Tatsächlich stehen wir vor der größten Veränderung unserer Gesellschaft seit der Industrialisierung. 250 Jahre war unser Leitbild das „Wachstum“, das Versprechen, dass es wenigstens den Kindern besser gehen werde. Und das stimmte so auch. Ein Sozialhilfeempfänger hat heute mehr Komfort und Wärme in der Wohnung als der König von Frankreich zur Zeit der französischen Revolution.
Doch so geht es nicht weiter. Der Planet ist endlich. Wir befinden uns im Übergang von einer Wachstums- zu einer Gleichgewichtsgesellschaft. Das muss nicht schlimm sein. Aber solche Übergänge sind mit erheblichen Verwerfungen verbunden: Die Weltfinanzkrise und die Euro-Krise, der Klimawandel, die Corona-Krise, schließlich noch der Ukraine-Krieg. Kaum ein Mensch glaubt heute noch, dass es den Kindern besser gehen wird als uns.
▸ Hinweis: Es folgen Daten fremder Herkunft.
(* Let $R$ be a ring, $I$ an ideal of $R$, and $A$ an $R$-algebra which is $I$-adically complete and separated with $A/I^nA$ smooth over $R/I^n$ for all $n\ge1$. Let $\alpha\in A$ be $I$-adically nilpotent, let $T_1,\dots,T_d\in A$ be such that $d(T_i\bmod IA)$ form a basis of $\Omega_{(A/IA)/(R/I)}$, and let $a_1,\dots,a_d\in A$. Then there exists a unique $\alpha$-derivation $\partial$ of $A$ over $R$ with $\partial(T_i)=a_i$ for all $i$.
   Context: An $\alpha$-derivation of an $R$-algebra $A$ over $R$ ($\alpha\in A$) is an $R$-linear map $\partial:A\to A$ with $\partial(1)=0$ and $\partial(xy)=\partial(x)y+x\partial(y)+\alpha\partial(x)\partial(y)$ for all $x,y$. *)

From HB Require Import structures.
From mathcomp Require Import all_boot all_algebra.
From mathcomp Require Import mpoly.
Set Implicit Arguments. Unset Strict Implicit. Unset Printing Implicit Defensive.
Import GRing.Theory.
Local Open Scope ring_scope.

Definition is_ideal (T : comPzRingType) (S : T -> Prop) : Prop :=
  S 0 /\ (forall x y, S x -> S y -> S (x + y)) /\ (forall r x, S x -> S (r * x)).

Section Defs.
Variables (R : comNzRingType) (A : comPzRingType) (f : {rmorphism R -> A}).

Definition ideal_pow (I : R -> Prop) (n : nat) (x : R) : Prop :=
  exists (m : nat) (c : 'I_m -> R) (g : 'I_m -> 'I_n -> R),
    (forall k j, I (g k j)) /\ x = \sum_(k < m) c k * \prod_(j < n) g k j.

Definition ext_pow (I : R -> Prop) (n : nat) (x : A) : Prop :=
  exists (m : nat) (a : 'I_m -> A) (g : 'I_m -> 'I_n -> R),
    (forall k j, I (g k j)) /\ x = \sum_(k < m) f (\prod_(j < n) g k j) * a k.

Definition adic_separated (I : R -> Prop) : Prop :=
  forall x : A, (forall n, ext_pow I n x) -> x = 0.

(* I-adically complete: every I-adic Cauchy sequence converges
   (i.e. A -> lim A/I^nA is surjective). *)
Definition adic_complete (I : R -> Prop) : Prop :=
  forall u : nat -> A, (forall n, ext_pow I n (u n.+1 - u n)) ->
    exists x : A, forall n, ext_pow I n (x - u n).

Definition adic_nilpotent (I : R -> Prop) (alpha : A) : Prop :=
  forall n, exists m, ext_pow I n (alpha ^+ m).

(* Evaluation of p in R[X_0..X_{n-1}] at x : 'I_n -> A through f
   (this is mpoly's [mmap f x p], written for a possibly trivial ring A). *)
Definition ev (n : nat) (x : 'I_n -> A) (p : {mpoly R[n]}) : A :=
  \sum_(m <- msupp p) f p@_m * \prod_(i < n) x i ^+ m i.

(* Below, K is an ideal of R and J an ideal of A containing f(K)A;
   the statements concern the (R/K)-algebra A/J. *)

(* A/J is formally smooth over R/K: for every (R/K)-algebra C (i.e. an
   R-algebra fC : R -> C killing K) and square-zero ideal N of C, every
   (R/K)-algebra map A/J -> C/N lifts to an (R/K)-algebra map A/J -> C.
   Maps A/J -> C/N are represented by set-theoretic lifts g : A -> C that
   are algebra morphisms modulo N and send J into N. *)
Definition formally_smooth_quot (K : R -> Prop) (J : A -> Prop) : Prop :=
  forall (C : comPzRingType) (fC : {rmorphism R -> C}) (N : C -> Prop),
    (forall r, K r -> fC r = 0) -> is_ideal N ->
    (forall x y, N x -> N y -> x * y = 0) ->
    forall g : A -> C,
      (forall x, J x -> N (g x)) ->
      (forall x y, N (g (x + y) - (g x + g y))) ->
      (forall x y, N (g (x * y) - g x * g y)) ->
      (forall r, N (g (f r) - fC r)) ->
      exists h : A -> C,
        [/\ forall x y, h (x + y) = h x + h y,
            forall x y, h (x * y) = h x * h y,
            forall r, h (f r) = fC r,
            forall x, J x -> h x = 0
          & forall x, N (h x - g x)].

(* A/J is of finite presentation over R/K: there are x_1..x_n in A
   generating A/J as an (R/K)-algebra, such that the kernel of
   (R/K)[X_1..X_n] -> A/J is finitely generated, i.e. the kernel of
   R[X] -> A/J is K R[X] + (q_1,...,q_m). *)
Definition fin_pres_quot (K : R -> Prop) (J : A -> Prop) : Prop :=
  exists (n : nat) (x : 'I_n -> A),
    (forall a : A, exists p : {mpoly R[n]}, J (a - ev x p)) /\
    exists (m : nat) (q : 'I_m -> {mpoly R[n]}),
      (forall j, J (ev x (q j))) /\
      forall p : {mpoly R[n]}, J (ev x p) ->
        exists c : 'I_m -> {mpoly R[n]},
          forall mo, K (p - \sum_(j < m) c j * q j)@_mo.

Definition smooth_quot (K : R -> Prop) (J : A -> Prop) : Prop :=
  formally_smooth_quot K J /\ fin_pres_quot K J.

(* D : A -> M is (the pull-back of) an (R/I)-derivation of A/IA into the
   (A/IA)-module M. *)
Definition is_der (I : R -> Prop) (M : lmodType A) (D : A -> M) : Prop :=
  [/\ forall x y, D (x + y) = D x + D y,
      forall r x, D (f r * x) = f r *: D x,
      forall x y, D (x * y) = x *: D y + y *: D x
    & forall x, ext_pow I 1 x -> D x = 0].

(* d(T_i mod IA) form a basis of Omega_{(A/IA)/(R/I)}, expressed through the
   defining universal property of Omega (Hom(Omega, M) = Der(A/IA, M)):
   for every (A/IA)-module M and m_1..m_d in M there is a unique
   (R/I)-derivation D : A/IA -> M with D(T_i) = m_i. *)
Definition kahler_basis (I : R -> Prop) (d : nat) (T : 'I_d -> A) : Prop :=
  forall (M : lmodType A),
    (forall (x : A) (v : M), ext_pow I 1 x -> x *: v = 0) ->
    forall mm : 'I_d -> M,
      exists D : A -> M,
        [/\ is_der I D, forall i, D (T i) = mm i
          & forall D' : A -> M, is_der I D' -> (forall i, D' (T i) = mm i) ->
              forall x, D' x = D x].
Die Wut im Bauch wächst.
Und das Vertrauen in die Demokratie nimmt ab. Nach einer Umfrage des NDR im Oktober 2023 sind nur noch 54 Prozent der Bürger damit zufrieden, wie in Deutschland die Demokratie funktioniert – in Mecklenburg-Vorpommern nur noch 32 Prozent. Schaut man aber genauer hin, dann hängt die Antwort vor allem von der sozialen Lage der Menschen ab. Denn von den Gutverdienern sind zwei Drittel mit der Demokratie zufrieden. Bei den Geringverdienern finden dagegen zwei Drittel, dass die Demokratie nicht gut funktioniert. Das ist ein extrem signifikanter Unterschied. Wohlhabende finden Demokratie gut, Arme zweifeln an ihr.
Der Soziologe Andreas Reckwitz analysiert, dass die Mittelstandsgesellschaft der Nachkriegszeit auseinandergebrochen ist: Eine neue Klassengesellschaft sei entstanden. Reckwitz identifiziert darin vier Klassen: Die neue Mittelklasse der Akademiker, die mittlerweile 30 Prozent der Bevölkerung umfasst. Die alte Mittelklasse der Bürger mit Berufsausbildung – Facharbeiter, Handwerker, Bauern und Angestellte. Sie haben die Bundesrepublik und auch die DDR nach dem Krieg aufgebaut. Drittens die prekäre Klasse, die aus häufig arbeitslosen Gelegenheitsarbeitern und der Service-Klasse besteht – Paketzustellern, Sicherheitsdiensten, Reinigungsdiensten … Und schließlich das eine Prozent, die Oberklasse, bestehend aus den Reichen und der neuen Nadelspitze obendrauf, der Liga der hyperreichen Milliardäre.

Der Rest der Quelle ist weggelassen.